**WORK TASK**
Please return the lines below verbatim, beginning at the one that has "Definition synt_monoid_finite (Sigma" and stopping after the one that has "every element of", and add no other lines.

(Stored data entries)
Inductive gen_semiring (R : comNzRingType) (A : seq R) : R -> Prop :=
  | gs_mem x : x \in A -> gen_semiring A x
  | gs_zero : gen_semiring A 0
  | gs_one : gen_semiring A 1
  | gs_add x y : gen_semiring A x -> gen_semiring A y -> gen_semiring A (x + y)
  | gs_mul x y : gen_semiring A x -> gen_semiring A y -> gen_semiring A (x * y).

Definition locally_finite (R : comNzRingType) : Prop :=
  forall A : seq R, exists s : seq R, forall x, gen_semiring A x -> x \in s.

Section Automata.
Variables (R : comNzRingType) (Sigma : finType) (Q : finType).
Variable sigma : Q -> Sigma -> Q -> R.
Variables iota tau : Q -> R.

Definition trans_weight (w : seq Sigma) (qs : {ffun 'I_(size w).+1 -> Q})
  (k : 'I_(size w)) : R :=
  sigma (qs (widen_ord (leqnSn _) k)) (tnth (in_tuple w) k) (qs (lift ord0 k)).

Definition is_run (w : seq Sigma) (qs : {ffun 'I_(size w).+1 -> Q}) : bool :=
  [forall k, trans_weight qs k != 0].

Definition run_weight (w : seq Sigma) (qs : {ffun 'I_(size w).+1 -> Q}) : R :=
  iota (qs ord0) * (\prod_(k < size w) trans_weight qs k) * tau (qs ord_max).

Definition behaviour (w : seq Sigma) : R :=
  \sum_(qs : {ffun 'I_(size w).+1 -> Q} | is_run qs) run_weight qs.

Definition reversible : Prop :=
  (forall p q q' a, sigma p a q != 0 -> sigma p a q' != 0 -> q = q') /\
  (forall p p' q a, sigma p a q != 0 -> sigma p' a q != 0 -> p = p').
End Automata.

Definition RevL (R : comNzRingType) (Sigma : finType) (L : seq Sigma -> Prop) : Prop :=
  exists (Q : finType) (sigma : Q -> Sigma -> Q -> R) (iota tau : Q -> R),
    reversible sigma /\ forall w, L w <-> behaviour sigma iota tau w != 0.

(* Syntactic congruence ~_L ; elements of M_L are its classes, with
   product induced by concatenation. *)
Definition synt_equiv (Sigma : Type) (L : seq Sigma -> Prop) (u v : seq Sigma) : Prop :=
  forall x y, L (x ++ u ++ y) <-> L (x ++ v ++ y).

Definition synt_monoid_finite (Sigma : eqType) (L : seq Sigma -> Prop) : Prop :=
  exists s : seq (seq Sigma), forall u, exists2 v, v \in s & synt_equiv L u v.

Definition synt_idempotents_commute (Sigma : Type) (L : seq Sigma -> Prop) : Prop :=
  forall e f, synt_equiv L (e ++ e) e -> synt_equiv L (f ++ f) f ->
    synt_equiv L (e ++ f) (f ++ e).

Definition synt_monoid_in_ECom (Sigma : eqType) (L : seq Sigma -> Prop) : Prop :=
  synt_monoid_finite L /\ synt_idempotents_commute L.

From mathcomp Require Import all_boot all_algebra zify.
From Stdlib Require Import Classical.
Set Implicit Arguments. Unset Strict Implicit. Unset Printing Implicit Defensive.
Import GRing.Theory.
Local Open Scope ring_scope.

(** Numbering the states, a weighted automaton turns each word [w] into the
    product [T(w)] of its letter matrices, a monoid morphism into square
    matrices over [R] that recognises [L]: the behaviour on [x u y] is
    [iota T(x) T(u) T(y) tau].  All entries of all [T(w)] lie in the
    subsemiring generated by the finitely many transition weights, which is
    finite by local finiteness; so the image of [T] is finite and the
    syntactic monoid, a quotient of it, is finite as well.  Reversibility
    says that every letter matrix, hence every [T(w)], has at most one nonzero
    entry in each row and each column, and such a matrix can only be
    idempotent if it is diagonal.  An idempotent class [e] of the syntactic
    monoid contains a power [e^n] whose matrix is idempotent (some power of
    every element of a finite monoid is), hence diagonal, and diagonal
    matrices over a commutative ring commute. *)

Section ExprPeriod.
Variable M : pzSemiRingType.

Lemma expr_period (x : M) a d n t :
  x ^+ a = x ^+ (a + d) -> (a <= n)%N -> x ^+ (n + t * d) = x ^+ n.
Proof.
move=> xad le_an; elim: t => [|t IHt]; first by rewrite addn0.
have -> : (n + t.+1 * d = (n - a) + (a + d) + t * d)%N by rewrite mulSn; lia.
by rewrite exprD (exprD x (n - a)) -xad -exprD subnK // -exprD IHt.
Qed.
==
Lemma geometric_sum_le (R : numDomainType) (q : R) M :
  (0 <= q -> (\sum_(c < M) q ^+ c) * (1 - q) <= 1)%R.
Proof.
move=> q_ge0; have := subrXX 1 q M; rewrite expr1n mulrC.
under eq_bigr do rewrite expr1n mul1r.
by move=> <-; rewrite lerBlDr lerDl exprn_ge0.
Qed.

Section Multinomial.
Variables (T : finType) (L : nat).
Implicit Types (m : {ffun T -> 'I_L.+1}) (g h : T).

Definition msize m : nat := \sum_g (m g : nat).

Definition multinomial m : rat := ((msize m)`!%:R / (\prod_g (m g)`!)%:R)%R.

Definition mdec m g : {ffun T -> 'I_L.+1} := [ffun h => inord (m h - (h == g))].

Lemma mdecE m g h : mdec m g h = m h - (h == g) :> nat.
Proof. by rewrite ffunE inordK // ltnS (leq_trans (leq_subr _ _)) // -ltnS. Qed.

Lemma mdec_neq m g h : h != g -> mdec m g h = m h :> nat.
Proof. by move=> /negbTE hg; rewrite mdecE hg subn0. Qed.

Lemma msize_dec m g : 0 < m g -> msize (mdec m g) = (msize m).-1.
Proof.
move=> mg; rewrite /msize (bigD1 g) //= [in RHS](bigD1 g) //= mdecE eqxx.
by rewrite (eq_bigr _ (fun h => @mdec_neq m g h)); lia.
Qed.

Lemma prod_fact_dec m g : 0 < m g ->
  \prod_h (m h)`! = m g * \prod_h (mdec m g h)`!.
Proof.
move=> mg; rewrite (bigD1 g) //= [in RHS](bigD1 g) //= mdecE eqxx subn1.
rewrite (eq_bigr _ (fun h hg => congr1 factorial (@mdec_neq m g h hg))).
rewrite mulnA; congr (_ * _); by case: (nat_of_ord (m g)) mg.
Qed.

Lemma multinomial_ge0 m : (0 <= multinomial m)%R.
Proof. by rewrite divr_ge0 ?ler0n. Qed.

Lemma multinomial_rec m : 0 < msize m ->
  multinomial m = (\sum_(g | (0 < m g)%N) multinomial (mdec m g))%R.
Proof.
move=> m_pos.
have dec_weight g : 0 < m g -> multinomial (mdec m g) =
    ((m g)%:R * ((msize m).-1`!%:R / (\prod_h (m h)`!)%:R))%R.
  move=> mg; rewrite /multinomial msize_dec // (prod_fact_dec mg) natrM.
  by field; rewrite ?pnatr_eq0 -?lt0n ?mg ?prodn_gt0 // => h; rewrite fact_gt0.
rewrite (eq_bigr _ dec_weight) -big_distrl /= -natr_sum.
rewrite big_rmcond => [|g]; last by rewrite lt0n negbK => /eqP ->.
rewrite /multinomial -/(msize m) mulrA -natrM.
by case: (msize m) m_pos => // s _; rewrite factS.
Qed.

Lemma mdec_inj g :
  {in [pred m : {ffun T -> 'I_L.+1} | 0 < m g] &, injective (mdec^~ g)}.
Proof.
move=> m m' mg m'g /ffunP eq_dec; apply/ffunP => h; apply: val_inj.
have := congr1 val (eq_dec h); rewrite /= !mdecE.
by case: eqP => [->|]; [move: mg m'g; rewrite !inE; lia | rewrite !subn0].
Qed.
...
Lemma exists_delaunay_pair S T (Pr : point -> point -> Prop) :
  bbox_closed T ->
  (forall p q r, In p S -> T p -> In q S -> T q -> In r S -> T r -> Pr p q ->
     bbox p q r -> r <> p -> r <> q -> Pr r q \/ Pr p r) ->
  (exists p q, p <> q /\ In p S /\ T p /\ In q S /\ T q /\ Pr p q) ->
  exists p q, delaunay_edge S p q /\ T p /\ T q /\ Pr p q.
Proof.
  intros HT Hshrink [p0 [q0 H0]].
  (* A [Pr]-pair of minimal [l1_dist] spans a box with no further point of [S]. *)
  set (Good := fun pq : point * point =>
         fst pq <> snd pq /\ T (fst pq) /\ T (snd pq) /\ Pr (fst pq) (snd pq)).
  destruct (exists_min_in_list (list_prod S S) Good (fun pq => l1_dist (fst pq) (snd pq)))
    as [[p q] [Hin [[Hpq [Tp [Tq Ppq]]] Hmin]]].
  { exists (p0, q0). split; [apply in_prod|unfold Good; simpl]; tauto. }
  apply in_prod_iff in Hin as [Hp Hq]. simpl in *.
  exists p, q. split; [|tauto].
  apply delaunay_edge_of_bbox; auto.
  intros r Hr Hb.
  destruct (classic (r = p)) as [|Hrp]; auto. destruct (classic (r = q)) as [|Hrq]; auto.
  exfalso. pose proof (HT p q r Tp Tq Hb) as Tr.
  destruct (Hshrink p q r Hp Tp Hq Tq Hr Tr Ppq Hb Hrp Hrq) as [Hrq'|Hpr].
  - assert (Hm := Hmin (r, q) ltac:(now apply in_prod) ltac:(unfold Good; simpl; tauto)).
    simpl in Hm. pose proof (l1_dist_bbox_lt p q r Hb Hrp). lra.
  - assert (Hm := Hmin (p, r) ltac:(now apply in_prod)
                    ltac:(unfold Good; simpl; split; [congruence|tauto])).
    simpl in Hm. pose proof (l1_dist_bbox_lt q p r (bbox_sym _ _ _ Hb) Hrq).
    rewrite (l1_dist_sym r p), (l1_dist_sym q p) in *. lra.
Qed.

**RESPONSE**
Definition synt_monoid_finite (Sigma : eqType) (L : seq Sigma -> Prop) : Prop :=
  exists s : seq (seq Sigma), forall u, exists2 v, v \in s & synt_equiv L u v.

Definition synt_idempotents_commute (Sigma : Type) (L : seq Sigma -> Prop) : Prop :=
  forall e f, synt_equiv L (e ++ e) e -> synt_equiv L (f ++ f) f ->
    synt_equiv L (e ++ f) (f ++ e).

Definition synt_monoid_in_ECom (Sigma : eqType) (L : seq Sigma -> Prop) : Prop :=
  synt_monoid_finite L /\ synt_idempotents_commute L.

From mathcomp Require Import all_boot all_algebra zify.
From Stdlib Require Import Classical.
Set Implicit Arguments. Unset Strict Implicit. Unset Printing Implicit Defensive.
Import GRing.Theory.
Local Open Scope ring_scope.

(** Numbering the states, a weighted automaton turns each word [w] into the
    product [T(w)] of its letter matrices, a monoid morphism into square
    matrices over [R] that recognises [L]: the behaviour on [x u y] is
    [iota T(x) T(u) T(y) tau].  All entries of all [T(w)] lie in the
    subsemiring generated by the finitely many transition weights, which is
    finite by local finiteness; so the image of [T] is finite and the
    syntactic monoid, a quotient of it, is finite as well.  Reversibility
    says that every letter matrix, hence every [T(w)], has at most one nonzero
    entry in each row and each column, and such a matrix can only be
    idempotent if it is diagonal.  An idempotent class [e] of the syntactic
    monoid contains a power [e^n] whose matrix is idempotent (some power of
    every element of a finite monoid is), hence diagonal, and diagonal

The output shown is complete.